(* Let $n,p,r\ge 1$, let $A_0,A_1\in\mathbb{R}^{n\times n}$, $B\in\mathbb{R}^{n\times r}$, $C\in\mathbb{R}^{p\times n}$, and consider the second order linear discrete-time system $$x_{t+2}=A_0x_t+A_1x_{t+1}+Bu_t,\qquad x_0=a_0,\ x_1=a_1,\qquad y_t=Cx_t,\qquad t=0,1,2,\dots,$$ with states $x_t\in\mathbb{R}^n$, inputs $u_t\in\mathbb{R}^r$, outputs $y_t\in\mathbb{R}^p$ and unknown initial vectors $a_0,a_1\in\mathbb{R}^n$. Define matrices $S_k,P_k\in\mathbb{R}^{n\times n}$ by $S_0=A_0$, $P_0=A_1$ and, for $k\ge 1$, $S_k=P_{k-1}A_0$, $P_k=S_{k-1}+P_{k-1}A_1$. Let $\mathcal{O}(A_0,A_1,C)$ be the $(2np)\times(2n)$ block matrix whose block rows are, in order, $$\begin{bmatrix} C & 0_{p\times n}\end{bmatrix},\ \begin{bmatrix} 0_{p\times n} & C\end{bmatrix},\ \begin{bmatrix} CS_0 & CP_0\end{bmatrix},\ \begin{bmatrix} CS_1 & CP_1\end{bmatrix},\ \dots,\ \begin{bmatrix} CS_{2n-3} & CP_{2n-3}\end{bmatrix}.$$ Then the system is observable if and only if $\operatorname{rank}\mathcal{O}(A_0,A_1,C)=2n$.
   Context: The system is called observable (at time $t=0$) if there exists some $t_1>0$ such that the initial state $(x_0,x_1)=(a_0,a_1)$ can be uniquely determined from the knowledge of $u_t$ and $y_t$ for $t=0,1,\dots,t_1$. Here $0_{\ell\times m}$ denotes the $\ell\times m$ zero matrix. *)

From HB Require Import structures.
From mathcomp Require Import all_boot all_order all_algebra.
From mathcomp Require Import reals.
Set Implicit Arguments. Unset Strict Implicit. Unset Printing Implicit Defensive.
Import Order.TTheory GRing.Theory Num.Theory.
Local Open Scope ring_scope.

Section SecondOrder.
Variables (R : realType) (n p r : nat).
Variables (A0 A1 : 'M[R]_n) (B : 'M[R]_(n, r)) (C : 'M[R]_(p, n)).

(* (x_t, x_{t+1}) for the system x_{t+2} = A0 x_t + A1 x_{t+1} + B u_t,
   x_0 = a0, x_1 = a1. *)
Fixpoint state_pair (a0 a1 : 'cV[R]_n) (u : nat -> 'cV[R]_r) (t : nat)
  : 'cV[R]_n * 'cV[R]_n :=
  match t with
  | 0 => (a0, a1)
  | t'.+1 => let xs := state_pair a0 a1 u t' in
             (xs.2, A0 *m xs.1 + A1 *m xs.2 + B *m u t')
  end.

Definition state a0 a1 u t : 'cV[R]_n := (state_pair a0 a1 u t).1.

Definition output a0 a1 u t : 'cV[R]_p := C *m state a0 a1 u t.

Definition observable : Prop :=
  exists t1 : nat, (0 < t1)%N /\
    forall (u : nat -> 'cV[R]_r) (a0 a1 b0 b1 : 'cV[R]_n),
      (forall t, (t <= t1)%N -> output a0 a1 u t = output b0 b1 u t) ->
      a0 = b0 /\ a1 = b1.

Fixpoint SP (k : nat) : 'M[R]_n * 'M[R]_n :=
  match k with
  | 0 => (A0, A1)
  | k'.+1 => let sp := SP k' in (sp.2 *m A0, sp.1 + sp.2 *m A1)
  end.

Definition Smx k := (SP k).1.
Definition Pmx k := (SP k).2.

Definition obs_block (k : nat) : 'M[R]_(p, n + n) :=
  match k with
  | 0 => row_mx C 0
  | 1 => row_mx 0 C
  | k'.+2 => row_mx (C *m Smx k') (C *m Pmx k')
  end.

Definition obs_mx : 'M[R]_(\sum_(k < (2 * n)%N) p, n + n) :=
  \mxcol_(k < (2 * n)%N) obs_block k.

End SecondOrder.

From HB Require Import structures.
From mathcomp Require Import all_boot all_order all_algebra.
From mathcomp Require Import reals zify.
Set Implicit Arguments. Unset Strict Implicit. Unset Printing Implicit Defensive.
Import Order.TTheory GRing.Theory Num.Theory.
Local Open Scope ring_scope.

(* The stacked state (x_t, x_{t+1}) evolves by the block companion matrix
   M = [[0, 1], [A0, A1]], and the input cancels from the difference of two
   runs, so two initial states d apart yield outputs differing by
   [C 0] M^t d. Hence observability means that no d <> 0 is killed by every
   [C 0] M^t. By Cayley-Hamilton the powers M^t with t < 2n already span all
   of them, and [C 0] M^t is exactly block row t of O(A0, A1, C) (the S_k, P_k
   recursion is the top block row of M^(k+2)); so observability is the
   triviality of the kernel of O, i.e. rank O = 2n. *)

Lemma exp_mx_low_powers (F : fieldType) N (M : 'M[F]_N) k :
  exists c : 'I_N -> F, M ^+ k = \sum_(i < N) c i *: M ^+ i.
Proof.
case: N M => [|N] M; first by exists (fun=> 0); rewrite big_ord0 [LHS]flatmx0.
set P := char_poly M; set q := 'X^k %% P.
have q_small : (size q <= N.+1)%N.
  by rewrite -ltnS -(size_char_poly M) ltn_modpN0 // monic_neq0 ?char_poly_monic.
have q_sum : q = \sum_(i < N.+1) q`_i *: 'X^i.
  rewrite -poly_def; apply/polyP => i; rewrite coef_poly.
  by case: ltnP => // /(leq_trans q_small)/(nth_default 0).
exists (fun i => q`_i).
rewrite -[M in LHS]horner_mx_X -rmorphXn (divp_eq 'X^k P) rmorphD rmorphM /=.
rewrite Cayley_Hamilton mulr0 add0r -/q {1}q_sum linear_sum.
by apply: eq_bigr => i _; rewrite linearZ rmorphXn /= horner_mx_X.
Qed.

Lemma mulmx_powers_eq0 (F : fieldType) N q (M : 'M[F]_N) (E : 'M_(q, N))
    (z : 'cV_N) :
  (forall k, (k < N)%N -> E *m M ^+ k *m z = 0) ->
  forall k, E *m M ^+ k *m z = 0.
Proof.
move=> low k; have [c ->] := exp_mx_low_powers M k.
rewrite mulmx_sumr mulmx_suml big1 // => i _.
by rewrite -scalemxAr -scalemxAl low ?scaler0.
Qed.

Lemma full_col_rankP (F : fieldType) m k (A : 'M[F]_(m, k)) :
  \rank A = k <-> (forall z : 'cV_k, A *m z = 0 -> z = 0).
Proof.
rewrite -mxrank_tr; split => [/eqP A_free z Az0 | A_inj].
  apply: trmx_inj; apply/eqP; rewrite trmx0 -(mulmx_free_eq0 _ A_free).
  by rewrite -trmx_mul Az0 trmx0.
apply/eqP/inj_row_free => v /(congr1 trmx); rewrite trmx_mul trmxK trmx0.
by move/A_inj/(congr1 trmx); rewrite trmxK trmx0.
Qed.

Lemma mul_mxcol_eq0 (F : fieldType) m k (p_ : 'I_m -> nat)
    (B_ : forall i, 'M[F]_(p_ i, k)) (z : 'cV_k) :
  (\mxcol_i B_ i) *m z = 0 <-> (forall i, B_ i *m z = 0).
Proof.
rewrite mxcol_mul; split => [Bz0 i | Bz0].
  by have := congr1 (fun X => submxcol X i) Bz0; rewrite /= mxcolK submxcol0.
by apply/mxcolP => i; rewrite mxcolK submxcol0.
Qed.

Section SecondOrderSystem.
Variables (R : realType) (n p r : nat).
Variables (A0 A1 : 'M[R]_n) (B : 'M[R]_(n, r)) (C : 'M[R]_(p, n)).

Definition companion_mx : 'M[R]_(n + n) := block_mx 0 1%:M A0 A1.

Lemma companion_exp_topE k :
  row_mx 1%:M 0 *m companion_mx ^+ k.+2 = row_mx (Smx A0 A1 k) (Pmx A0 A1 k).
Proof.
elim: k => [|k IHk]; rewrite exprSr -mulmxE mulmxA; last first.
  by rewrite IHk /companion_mx mul_row_block !mulmx0 mulmx1 add0r.
rewrite expr1 /companion_mx !mul_row_block.
by rewrite !(mulmx0, mul0mx, mul1mx, addr0, add0r).
Qed.

Lemma obs_blockE k : obs_block A0 A1 C k = row_mx C 0 *m companion_mx ^+ k.
Proof.
case: k => [|[|k]].
- by rewrite expr0 mulmx1.
- by rewrite expr1 /companion_mx mul_row_block !mulmx0 !mul0mx mulmx1 !addr0.
have -> : row_mx C 0 = C *m row_mx 1%:M (0 : 'M_n).
  by rewrite mul_mx_row mulmx1 mulmx0.
by rewrite -mulmxA companion_exp_topE mul_mx_row.
Qed.

Lemma state_pair_sub u a0 a1 b0 b1 t :
  col_mx (state_pair A0 A1 B a0 a1 u t).1 (state_pair A0 A1 B a0 a1 u t).2
  - col_mx (state_pair A0 A1 B b0 b1 u t).1 (state_pair A0 A1 B b0 b1 u t).2 =
  companion_mx ^+ t *m col_mx (a0 - b0) (a1 - b1).
Proof.
elim: t => [|t IHt] /=; first by rewrite mul1mx opp_col_mx add_col_mx.
rewrite exprS -mulmxE -mulmxA -IHt !opp_col_mx !add_col_mx.
rewrite /companion_mx mul_block_col mul0mx mul1mx add0r !mulmxBr; congr col_mx.
by rewrite opprD addrACA subrr addr0 opprD addrACA.
Qed.

Lemma output_sub u a0 a1 b0 b1 t :
  output A0 A1 B C a0 a1 u t - output A0 A1 B C b0 b1 u t =
  row_mx C 0 *m companion_mx ^+ t *m col_mx (a0 - b0) (a1 - b1).
Proof.
rewrite -mulmxA -(state_pair_sub u) opp_col_mx add_col_mx mul_row_col mul0mx.
by rewrite addr0 mulmxBr.
Qed.

Lemma mul_obs_mx_eq0 (z : 'cV[R]_(n + n)) :
  obs_mx A0 A1 C *m z = 0 <->
  forall k, row_mx C 0 *m companion_mx ^+ k *m z = 0.
Proof.
rewrite mul_mxcol_eq0; split => [low | unobs i]; last by rewrite obs_blockE.
apply: mulmx_powers_eq0 => k lt_k.
have lt2_k : (k < 2 * n)%N by rewrite mul2n -addnn.
by have := low (Ordinal lt2_k); rewrite obs_blockE.
Qed.

Lemma observableP : (0 < n)%N ->
  observable A0 A1 B C <->
  forall z : 'cV_(n + n), obs_mx A0 A1 C *m z = 0 -> z = 0.
Proof.
move=> n_gt0; split => [[t1 [_ obs]] z /mul_obs_mx_eq0 unobs | ker0].
  have [z1_0 z2_0] : usubmx z = 0 /\ dsubmx z = 0.
    apply: (obs (fun=> 0)) => t _; apply/eqP.
    by rewrite -subr_eq0 output_sub !subr0 vsubmxK unobs.
  by rewrite -[z]vsubmxK z1_0 z2_0 col_mx0.
exists (2 * n).-1; split => [|u a0 a1 b0 b1 same_out]; first by lia.
suff /eqP : col_mx (a0 - b0) (a1 - b1) = 0.
  by rewrite col_mx_eq0 !subr_eq0 => /andP[/eqP -> /eqP ->].
apply/ker0/mul_mxcol_eq0 => k; rewrite obs_blockE -(output_sub u).
by apply/eqP; rewrite subr_eq0 same_out //; have := ltn_ord k; lia.
Qed.

End SecondOrderSystem.

Theorem theorem2p1 (R : realType) (n p r : nat)
  (hn : (1 <= n)%N) (hp : (1 <= p)%N) (hr : (1 <= r)%N)
  (A0 A1 : 'M[R]_n) (B : 'M[R]_(n, r)) (C : 'M[R]_(p, n)) :
  observable A0 A1 B C <-> \rank (obs_mx A0 A1 C) = (2 * n)%N.
Proof. by rewrite observableP // -full_col_rankP; split => ->; lia. Qed.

•••

- Task to complete:
Retype the portion of the data above that starts on the line with "obs_mx A0 A1 C *m z = 0 <->" and finishes on the line with "have lt2_k : (k", including both of those lines.

- Answer space:
  obs_mx A0 A1 C *m z = 0 <->
  forall k, row_mx C 0 *m companion_mx ^+ k *m z = 0.
Proof.
rewrite mul_mxcol_eq0; split => [low | unobs i]; last by rewrite obs_blockE.
apply: mulmx_powers_eq0 => k lt_k.
have lt2_k : (k < 2 * n)%N by rewrite mul2n -addnn.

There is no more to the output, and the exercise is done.